ERROR: error creating empty object store in /var/lib/ceph/osd/ceph-NN/: (11) Resource temporarily unavailable

Bug #1903221 reported by Przemyslaw Hausman
10
This bug affects 1 person
Affects Status Importance Assigned to Milestone
Ceph OSD Charm
Won't Fix
Low
Unassigned
ceph (Ubuntu)
Fix Released
Medium
Unassigned

Bug Description

ussuri-focal, charms revision 20.10.

ceph-osd fails to initialize 5 out of 36 OSDs on each storage node every time I redeploy.

I have 3 storage nodes. Each node has 36x 4TB disks used as OSDs. Bcache for OSDs is also set up. Every time I redeploy the bundle, each storage node ends up with only 31 OSDs initialized. During the initialization of remaining 5 OSD, the following errors occur:

unit-ceph-osd-0: 22:03:20 WARNING unit.ceph-osd/0.mon-relation-changed Running command: /usr/bin/ceph-osd --cluster ceph --osd-objectstore bluestore --mkfs -i 94 --monmap /var/lib/ceph/osd/ceph-94/activate.monmap --keyfile - --osd-data /var/lib/ceph/osd/ceph-94/ --osd-uuid fa372321-a0bc-4995-9936-227d2f663dd2 --setuser ceph --setgroup ceph
unit-ceph-osd-0: 22:03:20 WARNING unit.ceph-osd/0.mon-relation-changed stderr: 2020-11-05T22:03:20.311+0000 7fc1d846dd80 -1 bluestore(/var/lib/ceph/osd/ceph-94/) _read_fsid unparsable uuid
unit-ceph-osd-0: 22:03:20 WARNING unit.ceph-osd/0.mon-relation-changed stderr: 2020-11-05T22:03:20.319+0000 7fc1d846dd80 -1 bdev(0x5556cac96700 /var/lib/ceph/osd/ceph-94//block) _aio_start io_setup(2) failed with EAGAIN; try increasing /proc/sys/fs/aio-max-nr
unit-ceph-osd-0: 22:03:20 WARNING unit.ceph-osd/0.mon-relation-changed stderr: 2020-11-05T22:03:20.319+0000 7fc1d846dd80 -1 bluestore(/var/lib/ceph/osd/ceph-94/) _minimal_open_bluefs add block device(/var/lib/ceph/osd/ceph-94//block) returned: (11) Resource temporarily unavailable
unit-ceph-osd-0: 22:03:20 WARNING unit.ceph-osd/0.mon-relation-changed stderr: 2020-11-05T22:03:20.603+0000 7fc1d846dd80 -1 bluestore(/var/lib/ceph/osd/ceph-94/) mkfs failed, (11) Resource temporarily unavailable
unit-ceph-osd-0: 22:03:20 WARNING unit.ceph-osd/0.mon-relation-changed stderr: 2020-11-05T22:03:20.603+0000 7fc1d846dd80 -1 OSD::mkfs: ObjectStore::mkfs failed with error (11) Resource temporarily unavailable
unit-ceph-osd-0: 22:03:20 WARNING unit.ceph-osd/0.mon-relation-changed stderr: 2020-11-05T22:03:20.603+0000 7fc1d846dd80 -1 ** ERROR: error creating empty object store in /var/lib/ceph/osd/ceph-94/: (11) Resource temporarily unavailable

I'm attaching the logs for both failed and successful OSD initialization.

Revision history for this message
Przemyslaw Hausman (phausman) wrote :
Revision history for this message
Przemyslaw Hausman (phausman) wrote :
Revision history for this message
Przemyslaw Hausman (phausman) wrote :

I tried deploying with the limited number of OSDs initially configured in the bundle.
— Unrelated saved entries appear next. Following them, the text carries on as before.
(* Let U be any unitary dilation of the channel, with ancilla B.  Its blocks
   K'_b = <b|U|0> form another Kraus family of the same channel, and
   sum_j |tr K_j|^2 depends only on the channel (by polarization it is
   sum_{k,l} <k|K(|k><l|)|l>); for the given family it is n^2 |alpha|^2, so
   Re tr K'_0 <= n |alpha|.  If all eigenphases of U were smaller than
   acos |alpha|, all its eigenvalues would have real part > |alpha|, hence so
   would the diagonal entries of the normal matrix U, and Re tr K'_0 > n |alpha|.

   Conversely, with P = |0><0| (x) I and T = sum_{b <> 0} |b><0| (x) K_b one has
   T^* T = (1 - |alpha|^2) P, and
     W = 1 - (1 - |alpha|) P - T T^* / (1 + |alpha|) + T - T^*
   rotates each plane spanned by x and T x (x in the range of P) by the angle
   acos |alpha| and fixes their orthogonal complement.  So W is unitary with
   eigenphases 0 and +-acos |alpha|, and W P = |alpha| P + T shows that W
   dilates the channel with Kraus operators |alpha| I, K_2, ..., K_d, which
   is the given one. *)

From HB Require Import structures.
From mathcomp Require Import all_boot all_order all_algebra.
From mathcomp Require Import all_classical all_reals.
From mathcomp Require Import trigo.
From mathcomp Require Import complex mxtens.
From mathcomp Require Import spectral.
From mathcomp Require Import ring lra.
Set Implicit Arguments. Unset Strict Implicit. Unset Printing Implicit Defensive.
Import Order.TTheory GRing.Theory Num.Theory.
Local Open Scope ring_scope.
Local Open Scope complex_scope.

Section RotationAlgebra.
Variables (F : fieldType) (A : algType F).
Variables (P T Ts : A) (c : F).

Local Notation s2 := (1 - c ^+ 2).
Local Notation a := (1 - c).
Local Notation b := (1 + c)^-1.
Local Notation G := (T * Ts).

Hypotheses (P_idem : P * P = P) (PT : P * T = 0) (TP : T * P = T)
  (TsP : Ts * P = 0) (PTs : P * Ts = Ts) (TsT : Ts * T = s2 *: P).
Hypothesis c_neqN1 : 1 + c != 0.

Let b_s2 : b * s2 = a.
Proof. by field. Qed.

Let c_a : (1 + c) * a = s2.
Proof. by ring. Qed.

Let TT : T * T = 0. Proof. by rewrite -{1}TP -mulrA PT mulr0. Qed.
Let TsTs : Ts * Ts = 0. Proof. by rewrite -{2}PTs mulrA TsP mul0r. Qed.
Let PG : P * G = 0. Proof. by rewrite mulrA PT mul0r. Qed.
Let GP : G * P = 0. Proof. by rewrite -mulrA TsP mulr0. Qed.
Let GT : G * T = s2 *: T. Proof. by rewrite -mulrA TsT -scalerAr TP. Qed.
Let TsG : Ts * G = s2 *: Ts. Proof. by rewrite mulrA TsT -scalerAl PTs. Qed.
Let TG : T * G = 0. Proof. by rewrite mulrA TT mul0r. Qed.
Let GTs : G * Ts = 0. Proof. by rewrite -mulrA TsTs mulr0. Qed.
Let GG : G * G = s2 *: G. Proof. by rewrite -mulrA TsG -scalerAr. Qed.

Definition rot_sym : A := a *: P + b *: G.
Definition rot_skew : A := T - Ts.
Definition rotation : A := 1 - rot_sym + rot_skew.
Definition rotation_inv : A := 1 - rot_sym - rot_skew.

Local Notation X := rot_sym.
Local Notation Y := rot_skew.

Let XP : X * P = a *: P.
Proof. by rewrite mulrDl -!scalerAl P_idem GP scaler0 addr0. Qed.

Let YP : Y * P = T.
Proof. by rewrite mulrBl TP TsP subr0. Qed.

Let XY : X * Y = a *: Y.
Proof.
rewrite /rot_skew mulrBr !mulrDl -!scalerAl PT PTs GT GTs scalerA b_s2.
by rewrite !scaler0 add0r addr0 scalerBr.
Qed.

Let YX : Y * X = a *: Y.
Proof.
rewrite /rot_skew mulrBl !mulrDr -!scalerAr TP TG TsP TsG scalerA b_s2.
by rewrite !scaler0 addr0 add0r scalerBr.
Qed.

Let XX : X * X = a *: X.
Proof.
rewrite {1}/rot_sym mulrDl -!scalerAl !mulrDr -!scalerAr.
rewrite P_idem PG GP GG !scaler0 addr0 add0r scalerDr; congr (_ + _).
by rewrite !scalerA -mulrA b_s2 mulrC.
Qed.

Let YY : Y * Y = - (s2 *: P + G).
Proof. by rewrite /rot_skew mulrBr !mulrBl TT TsTs TsT sub0r subr0 opprD. Qed.

Let sym_sqr : (1 - X) * (1 - X) = 1 + Y * Y.
Proof.
have sX : (1 + c) *: X = s2 *: P + G.
  by rewrite scalerDr !scalerA c_a mulfV // scale1r.
have twoX : X + (X - a *: X) = (1 + c) *: X.
  by rewrite -{1 2}(scale1r X) -scalerBl -scalerDl; congr (_ *: X); ring.
by rewrite YY mulrBr !mulrBl !mul1r mulr1 XX -addrA -opprD twoX sX.
Qed.

Let sym_skew_comm : (1 - X) * Y = Y * (1 - X).
Proof. by rewrite mulrBl [Y * _]mulrBr mul1r mulr1 XY YX. Qed.

Lemma rotation_invK : rotation_inv * rotation = 1.
Proof.
rewrite /rotation /rotation_inv mulrBl [(1 - X) * _]mulrDr [Y * _]mulrDr.
rewrite sym_skew_comm sym_sqr.
by rewrite [Y * _ + Y * Y]addrC -[1 + _ + _]addrA addrK.
Qed.

Lemma rotationK : rotation * rotation_inv = 1.
Proof.
rewrite /rotation /rotation_inv mulrDl [(1 - X) * _]mulrBr [Y * _]mulrBr.
rewrite -sym_skew_comm sym_sqr.
by rewrite addrA subrK addrK.
Qed.

Lemma rotation_proj : rotation * P = c *: P + T.
Proof.
rewrite mulrDl mulrBl mul1r XP YP -{1}(scale1r P) -scalerBl.
by congr (_ *: _ + _); ring.
Qed.

Let skew_sym_annih : (Y - X) * (a%:A - X) = 0.
Proof.
rewrite mulrBr [(Y - X) * a%:A]mulrBl [(Y - X) * X]mulrBl !mulr_algr YX XX.
exact: subrr.
Qed.

Let rotation_sum : rotation + rotation_inv - (c *+ 2)%:A = 2%:R *: (a%:A - X).
Proof.
rewrite /rotation /rotation_inv addrACA subrr addr0 -mulr2n -scaler_nat.
rewrite -[(c *+ 2)%:A]scalerMnl -scaler_nat -scalerBr; congr (_ *: _).
by rewrite scalerBl scale1r addrAC.
Qed.

Lemma rotation_poly :
  (rotation - 1) * (rotation * rotation - (c *+ 2) *: rotation + 1) = 0.
Proof.
have -> : rotation - 1 = Y - X by rewrite /rotation addrAC [1 - X]addrC addrK addrC.
have -> : rotation * rotation - (c *+ 2) *: rotation + 1 =
    (rotation + rotation_inv - (c *+ 2)%:A) * rotation.
  by rewrite [in RHS]mulrBl [in RHS]mulrDl rotation_invK mulr_algl addrAC.
by rewrite rotation_sum -scalerAl scalerAr mulrA skew_sym_annih mul0r.
Qed.

Section Star.
Variables (conjF : {rmorphism F -> F}) (star : A -> A).
Hypotheses (starD : {morph star : x y / x + y}) (star1 : star 1 = 1)
  (starM : forall x y, star (x * y) = star y * star x)
  (starZ : forall k x, star (k *: x) = conjF k *: star x)
  (starP : star P = P) (starT : star T = Ts) (starTs : star Ts = T)
  (conjF_c : conjF c = c).

Lemma star_rotation : star rotation = rotation_inv.
Proof.
have starN x : star (- x) = - star x by rewrite -scaleN1r starZ rmorphN1 scaleN1r.
have conj_a : conjF a = a by rewrite rmorphB rmorph1 conjF_c.
have conj_b : conjF b = b by rewrite fmorphV rmorphD rmorph1 conjF_c.
have starX : star X = X.
  by rewrite /rot_sym starD !starZ conj_a conj_b starM starP starT starTs.
have starY : star Y = - Y by rewrite /rot_skew starD starN starT starTs opprB.
by rewrite /rotation /rotation_inv starD starY starD starN star1 starX.
Qed.

End Star.
End RotationAlgebra.

Section Adjoint.
Variable R : realType.
Local Notation C := R[i].

Lemma adjE m p (A : 'M[C]_(m, p)) i j : adj A i j = (A j i)^*.
Proof. by rewrite !mxE. Qed.

Lemma adjK m p (A : 'M[C]_(m, p)) : adj (adj A) = A.
Proof. by apply/matrixP => i j; rewrite !adjE conjcK. Qed.

Lemma adjD m p (A B : 'M[C]_(m, p)) : adj (A + B) = adj A + adj B.
Proof. by apply/matrixP => i j; rewrite !(adjE, mxE) rmorphD. Qed.

Lemma adjN m p (A : 'M[C]_(m, p)) : adj (- A) = - adj A.
Proof. by apply/matrixP => i j; rewrite !(adjE, mxE) rmorphN. Qed.

Lemma adjB m p (A B : 'M[C]_(m, p)) : adj (A - B) = adj A - adj B.
Proof. by rewrite adjD adjN. Qed.

Lemma adj0 m p : adj (0 : 'M[C]_(m, p)) = 0.
Proof. by apply/matrixP => i j; rewrite !(adjE, mxE) conjc0. Qed.

Lemma adjZ m p a (A : 'M[C]_(m, p)) : adj (a *: A) = a^* *: adj A.
Proof. by apply/matrixP => i j; rewrite !(adjE, mxE) rmorphM. Qed.

Lemma adj_sum m p I (r : seq I) (P : pred I) (F : I -> 'M[C]_(m, p)) :
  adj (\sum_(i <- r | P i) F i) = \sum_(i <- r | P i) adj (F i).
Proof.
apply/matrixP => i j; rewrite adjE !summxE rmorph_sum.
by apply: eq_bigr => k _; rewrite adjE.
Qed.

Lemma adjM m p q (A : 'M[C]_(m, p)) (B : 'M[C]_(p, q)) :
  adj (A *m B) = adj B *m adj A.
Proof.
apply/matrixP => i j; rewrite adjE !mxE rmorph_sum; apply: eq_bigr => k _.
by rewrite !adjE rmorphM mulrC.
Qed.

Lemma adj_scalar m a : adj (a%:M : 'M[C]_m) = a^*%:M.
Proof.
apply/matrixP => i j; rewrite adjE !mxE eq_sym.
by case: eqP; rewrite ?mulr1n ?mulr0n ?conjc0.
Qed.

Lemma adj1 m : adj (1%:M : 'M[C]_m) = 1%:M.
Proof. by rewrite adj_scalar rmorph1. Qed.

Lemma adj_delta m p (i : 'I_m) (j : 'I_p) :
  adj (delta_mx i j : 'M[C]_(m, p)) = delta_mx j i.
Proof.
apply/matrixP => a b; rewrite adjE !mxE andbC.
by case: (_ && _); rewrite ?conjc0 ?conjc1.
Qed.

Lemma adj_tens m p q r (A : 'M[C]_(m, p)) (B : 'M[C]_(q, r)) :
  adj (A *t B) = adj A *t adj B.
Proof. by rewrite /adj map_mxT trmx_tens. Qed.

Lemma adj_conjT m p (A : 'M[C]_(m, p)) : adj A = map_mx Num.conj A^T.
Proof. by rewrite /adj map_trmx. Qed.

End Adjoint.

Section TensorProduct.
Variable F : comPzRingType.

Lemma tensmxZr m p q r a (A : 'M[F]_(m, p)) (B : 'M[F]_(q, r)) :
  A *t (a *: B) = a *: (A *t B).
Proof.
apply/matrixP => i j; case: i / (mxtens_indexP i) => i1 i2.
case: j / (mxtens_indexP j) => j1 j2.
by rewrite [RHS]mxE !tensmxE mxE mulrCA.
Qed.

Lemma tensmx_sumr m p q r I (s : seq I) (P : pred I) (A : 'M[F]_(m, p))
    (B : I -> 'M[F]_(q, r)) :
  A *t (\sum_(i <- s | P i) B i) = \sum_(i <- s | P i) A *t B i.
Proof.
apply/matrixP => i j; case: i / (mxtens_indexP i) => i1 i2.
case: j / (mxtens_indexP j) => j1 j2.
rewrite tensmxE !summxE mulr_sumr; apply: eq_bigr => k _.
by rewrite tensmxE.
Qed.

Lemma mxtrace_delta m (i j : 'I_m) : \tr (delta_mx i j : 'M[F]_m) = (i == j)%:R.
Proof.
rewrite /mxtrace (bigD1 i) //= mxE eqxx big1 ?addr0 // => k /negbTE ki.
by rewrite mxE ki.
Qed.

End TensorProduct.

Section Dilation.
Variable R : realType.
Local Notation C := R[i].

Lemma ptraceB_tens m n (A : 'M[C]_m) (B : 'M[C]_n) : ptraceB (A *t B) = \tr A *: B.
Proof.
apply/matrixP => a a'; rewrite !mxE mulr_suml; apply: eq_bigr => b _.
by rewrite tensmxE.
Qed.

Lemma ptraceB_sum m n I (s : seq I) (P : pred I) (F : I -> 'M[C]_(m * n)) :
  ptraceB (\sum_(i <- s | P i) F i) = \sum_(i <- s | P i) ptraceB (F i).
Proof.
apply/matrixP => a a'; rewrite mxE summxE.
under eq_bigr do rewrite summxE.
by rewrite exchange_big; apply: eq_bigr => i _; rewrite mxE.
Qed.

Section Ancilla.
Variables m n : nat.

Local Notation ket0 := (delta_mx 0 0 : 'M[C]_m.+1).

Definition ancilla_proj : 'M[C]_(m.+1 * n) := ket0 *t 1%:M.

Definition dilation_kraus (U : 'M[C]_(m.+1 * n)) (b : 'I_m.+1) : 'M[C]_n :=
  \matrix_(a, x) U (mxtens_index (b, a)) (mxtens_index (ord0, x)).

Definition kraus_stack (L : 'I_m.+1 -> 'M[C]_n) : 'M[C]_(m.+1 * n) :=
  \sum_b delta_mx b 0 *t L b.

Lemma adj_ancilla_proj : adj ancilla_proj = ancilla_proj.
Proof. by rewrite adj_tens adj_delta adj1. Qed.

Lemma ancilla_proj_absorb (rho : 'M[C]_n) :
  ancilla_proj *m (ket0 *t rho) = ket0 *t rho /\
  (ket0 *t rho) *m ancilla_proj = ket0 *t rho.
Proof. by rewrite !tensmx_mul mul_delta_mx mul1mx mulmx1. Qed.

Lemma adj_kraus_stack (L : 'I_m.+1 -> 'M[C]_n) :
  adj (kraus_stack L) = \sum_b delta_mx 0 b *t adj (L b).
Proof. by rewrite adj_sum; apply: eq_bigr => b _; rewrite adj_tens adj_delta. Qed.

Lemma ptraceB_kraus_stack (L : 'I_m.+1 -> 'M[C]_n) (rho : 'M[C]_n) :
  ptraceB (kraus_stack L *m (ket0 *t rho) *m adj (kraus_stack L)) =
  kraus_channel L rho.
Proof.
rewrite adj_kraus_stack /kraus_stack !mulmx_suml ptraceB_sum; apply: eq_bigr => b _.
rewrite tensmx_mul mul_delta_mx mulmx_sumr ptraceB_sum (bigD1 b) //= big1 ?addr0.
  by rewrite tensmx_mul mul_delta_mx ptraceB_tens mxtrace_delta eqxx scale1r.
move=> c /negbTE cb.
by rewrite tensmx_mul mul_delta_mx ptraceB_tens mxtrace_delta eq_sym cb scale0r.
Qed.

Lemma mul_ancilla_proj (U : 'M[C]_(m.+1 * n)) :
  U *m ancilla_proj = kraus_stack (dilation_kraus U).
Proof.
apply/matrixP => i j; case: i / (mxtens_indexP i) => b a.
case: j / (mxtens_indexP j) => c x.
rewrite summxE (bigD1 b) //= big1 ?addr0 => [|b' /negbTE b'b]; last first.
  by rewrite tensmxE !mxE eq_sym b'b mul0r.
rewrite tensmxE !mxE eqxx /= (bigD1 (mxtens_index (ord0, x))) //= big1 ?addr0.
  by rewrite tensmxE !mxE !eqxx mulr1 mulrC.
move=> k; case: k / (mxtens_indexP k) => k1 k2.
rewrite (inj_eq (can_inj (@mxtens_indexK _ _))) xpair_eqE negb_and => k12.
by rewrite tensmxE !mxE; case/orP: k12 => /negbTE->; rewrite /= ?mul0r !mulr0.
Qed.

Lemma dilation_absorb_proj (U : 'M[C]_(m.+1 * n)) (rho : 'M[C]_n) :
  U *m (ket0 *t rho) *m adj U =
  (U *m ancilla_proj) *m (ket0 *t rho) *m adj (U *m ancilla_proj).
Proof.
have [Prho rhoP] := ancilla_proj_absorb rho.
rewrite adjM adj_ancilla_proj !mulmxA; congr (_ *m _).
by rewrite -[in RHS](mulmxA U) Prho -mulmxA rhoP.
Qed.

Lemma ptraceB_dilation (U : 'M[C]_(m.+1 * n)) (rho : 'M[C]_n) :
  ptraceB (U *m (ket0 *t rho) *m adj U) = kraus_channel (dilation_kraus U) rho.
Proof. by rewrite dilation_absorb_proj mul_ancilla_proj ptraceB_kraus_stack. Qed.

End Ancilla.
End Dilation.

Section KrausInvariant.
Variable R : realType.
Local Notation C := R[i].

Lemma row_norm_gt0 m (v : 'rV[C]_m) : v != 0 -> 0 < (v *m adj v) 0 0.
Proof. by move=> /dotmx_is_dotmx; rewrite dotmxE adj_conjT. Qed.

Lemma col_norm_gt0 m (z : 'cV[C]_m) : z != 0 -> 0 < (adj z *m z) 0 0.
Proof.
move=> z0; rewrite -{2}(adjK z); apply: row_norm_gt0.
by apply: contra z0 => /eqP/(congr1 adj); rewrite adjK => ->; rewrite adj0.
Qed.

Section KrausLinear.
Variables (n p : nat) (L : 'I_p -> 'M[C]_n).

Lemma kraus_channelD A B :
  kraus_channel L (A + B) = kraus_channel L A + kraus_channel L B.
Proof.
by rewrite /kraus_channel -big_split; apply: eq_bigr => j _; rewrite mulmxDr mulmxDl.
Qed.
To start with, I configured only 6 disks in osd-devices config option.

Once the first 6 OSDs have been initialized, I added next 10 disks with `juju config ceph-osd osd-devices=...`. Additional 10 OSDs were successfully initialized.
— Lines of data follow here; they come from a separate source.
(* Let $u,v:\mathbb R\to\mathbb R^2$ be smooth $2\pi$-periodic maps with $[u(t),v(t)]=1$ and $u(t+2\pi/3)=v(t)$, $v(t+2\pi/3)=-u(t)-v(t)$ for all $t$. Let $c:\mathbb R\to\mathbb R^2$ be a $C^1$ curve such that the triangle $w_1(t)=u(t)+c(t)$, $w_2(t)=v(t)+c(t)$, $w_3(t)=-u(t)-v(t)+c(t)$ is horizontal, i.e. $[w_2-w_1,w_3']=[w_3-w_2,w_1']=[w_1-w_3,w_2']=0$ for all $t$. Set $p=[u,u']$, $q=[v,v']$, $r=[u',v]=[v',u]$. Then $$c'(t)=\tfrac13\big(p(t)-2q(t)+2r(t)\big)v(t)-\tfrac13\big(q(t)-2p(t)+2r(t)\big)u(t).$$ Furthermore, the monodromy condition $(w_1,w_2,w_3)(t+2\pi/3)=(w_2,w_3,w_1)(t)$ for all $t$ holds if and only if $$\int_0^{2\pi}\big(p-2q+2r\big)v-\big(q-2p+2r\big)u\,dt=0,$$ or, equivalently, if and only if $\int_0^{2\pi}[u'(t),v(t)]\,(v(t)-u(t))\,dt=0$.
   Context: $[\cdot,\cdot]$ is the determinant of two plane vectors; primes denote derivatives in $t$. The triangle $(w_1,w_2,w_3)$ has centroid $c$ and oriented area $3/2$. *)

From Stdlib Require Import Reals.
From Coquelicot Require Import Coquelicot.
Open Scope R_scope.

Definition det2 (a1 a2 b1 b2 : R) : R := a1 * b2 - a2 * b1.

Definition smooth (f : R -> R) : Prop := forall (n : nat) (t : R), ex_derive_n f n t.

Definition is_C1 (f : R -> R) : Prop :=
  (forall t, ex_derive f t) /\ (forall t, continuous (Derive f) t).

(* Differentiating [u, v] = 1 gives [u', v] = [v', u]. In the unimodular frame (u, v) the
   horizontality conditions are two linear equations for [u, c'] and [v, c'], which determine
   c'. The shift by T = 2 PI / 3 maps (u, v) to (v, -u-v); under it p, q, r transform linearly
   and the drift 3 c' is T-periodic. Since u + c, v + c, -u-v + c are cyclically permuted by the
   shift, monodromy means that c is T-periodic, i.e. that c' integrates to zero over [0, T], or
   equivalently over [0, 3 T] = [0, 2 PI]. Finally the drift differs from 3 r (v - u) by a
   coboundary Y - Y (. + T) of a 2 PI-periodic Y, so both have the same integral. *)

From Stdlib Require Import Reals Lra.
From Coquelicot Require Import Coquelicot.
Open Scope R_scope.

Definition continuous_everywhere (f : R -> R) : Prop := forall x, continuous f x.

Lemma continuous_everywhere_const (k : R) : continuous_everywhere (fun _ => k).
Proof. intros x; apply continuous_const. Qed.

Lemma continuous_everywhere_plus (f g : R -> R) :
  continuous_everywhere f -> continuous_everywhere g ->
  continuous_everywhere (fun x => f x + g x).
Proof. intros Hf Hg x; exact (continuous_plus f g x (Hf x) (Hg x)). Qed.

Lemma continuous_everywhere_minus (f g : R -> R) :
  continuous_everywhere f -> continuous_everywhere g ->
  continuous_everywhere (fun x => f x - g x).
Proof. intros Hf Hg x; exact (continuous_minus f g x (Hf x) (Hg x)). Qed.

Lemma continuous_everywhere_mult (f g : R -> R) :
  continuous_everywhere f -> continuous_everywhere g ->
  continuous_everywhere (fun x => f x * g x).
Proof. intros Hf Hg x; exact (continuous_mult f g x (Hf x) (Hg x)). Qed.

Lemma continuous_everywhere_shift (f : R -> R) (a : R) :
  continuous_everywhere f -> continuous_everywhere (fun x => f (x + a)).
Proof.
  intros Hf x. apply (continuous_comp (fun y => y + a) f); [| apply Hf].
  apply (continuous_plus (fun y => y) (fun _ => a)); [apply continuous_id | apply continuous_const].
Qed.

Ltac solve_continuous_everywhere :=
  repeat match goal with
  | |- continuous_everywhere (fun _ => _ + _) => apply continuous_everywhere_plus
  | |- continuous_everywhere (fun _ => _ - _) => apply continuous_everywhere_minus
  | |- continuous_everywhere (fun _ => _ * _) => apply continuous_everywhere_mult
  | |- continuous_everywhere (fun x => ?f (x + ?a)) => apply continuous_everywhere_shift
  | |- continuous_everywhere (fun _ => ?k) => apply continuous_everywhere_const
  | |- continuous_everywhere _ => assumption
  end.

Lemma smooth_ex_derive (f : R -> R) : smooth f -> forall x, ex_derive f x.
Proof. intros Hf x; exact (Hf 1%nat x). Qed.

Lemma smooth_continuous (f : R -> R) : smooth f -> continuous_everywhere f.
Proof.
  intros Hf x.
  apply (ex_derive_continuous (K := R_AbsRing) (V := R_NormedModule)), smooth_ex_derive, Hf.
Qed.

Lemma smooth_Derive_continuous (f : R -> R) : smooth f -> continuous_everywhere (Derive f).
Proof.
  intros Hf x.
  apply (ex_derive_continuous (K := R_AbsRing) (V := R_NormedModule)); exact (Hf 2%nat x).
Qed.

Lemma ex_RInt_continuous_everywhere (f : R -> R) (a b : R) :
  continuous_everywhere f -> ex_RInt f a b.
Proof.
  intros Hf; apply (ex_RInt_continuous (V := R_CompleteNormedModule)); intros x _; apply Hf.
Qed.

Lemma RInt_translate (f : R -> R) (a b c : R) : continuous_everywhere f ->
  RInt (fun x => f (x + c)) a b = RInt f (a + c) (b + c).
Proof.
  intros Hf.
  rewrite (RInt_ext _ (fun x => scal 1 (f (1 * x + c)))).
  - rewrite (RInt_comp_lin (V := R_CompleteNormedModule)), !Rmult_1_l; [reflexivity |].
    apply ex_RInt_continuous_everywhere, Hf.
  - intros x _; rewrite !Rmult_1_l; reflexivity.
Qed.

Lemma RInt_period_window (f : R -> R) (P a : R) :
  continuous_everywhere f -> (forall x, f (x + P) = f x) ->
  RInt f a (a + P) = RInt f 0 P.
Proof.
  intros Hf Hper.
  assert (Hex : forall b c, ex_RInt f b c) by (intros; apply ex_RInt_continuous_everywhere, Hf).
  assert (tail : RInt f P (a + P) = RInt f 0 a).
  { rewrite <- (Rplus_0_l P) at 1; rewrite <- RInt_translate by exact Hf.
    apply RInt_ext; intros x _; apply Hper. }
  rewrite <- (RInt_Chasles f a P (a + P)), tail by apply Hex.
  rewrite <- (RInt_Chasles f 0 a P) by apply Hex.
  apply Rplus_comm.
Qed.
I repeated this process two more times to reach 36 OSDs in total. But during the processing of the last batch, the error occurred again. And again 5 OSDs per each storage node failed to initialize.

Revision history for this message
Billy Olsen (billy-olsen) wrote :

Is it always the same OSDs that are having problems?

Revision history for this message
Przemyslaw Hausman (phausman) wrote :

> Is it always the same OSDs that are having problems?

No. In the test I did in the comment #3 I started with the 6 disks including the 5 that did not initialize earlier. This time they did initialize correctly.

This makes me think that the actual number of somehow "allowed" disks is the limit.

Could it have something to do with bcache? Caching partition is relatively small -- it has only ~630GB fo 36x 4TB of backing devices. Maybe I should disable bcache for testing and try to onboard OSD disks directly.

Revision history for this message
Przemyslaw Hausman (phausman) wrote :

I removed the bcache entirely and configured raw disks as osd-devices for ceph-osd. The issue still stands. The last 5 OSDs fail to initialize.

This is the juju-crashdump from the model: https://drive.google.com/file/d/17PHLgi_Ps4BWDU9R4tL9rUrFA3eGRQP5/

Revision history for this message
Przemyslaw Hausman (phausman) wrote :

Subscribing ~field-high as this issue occurs on a customer deployment.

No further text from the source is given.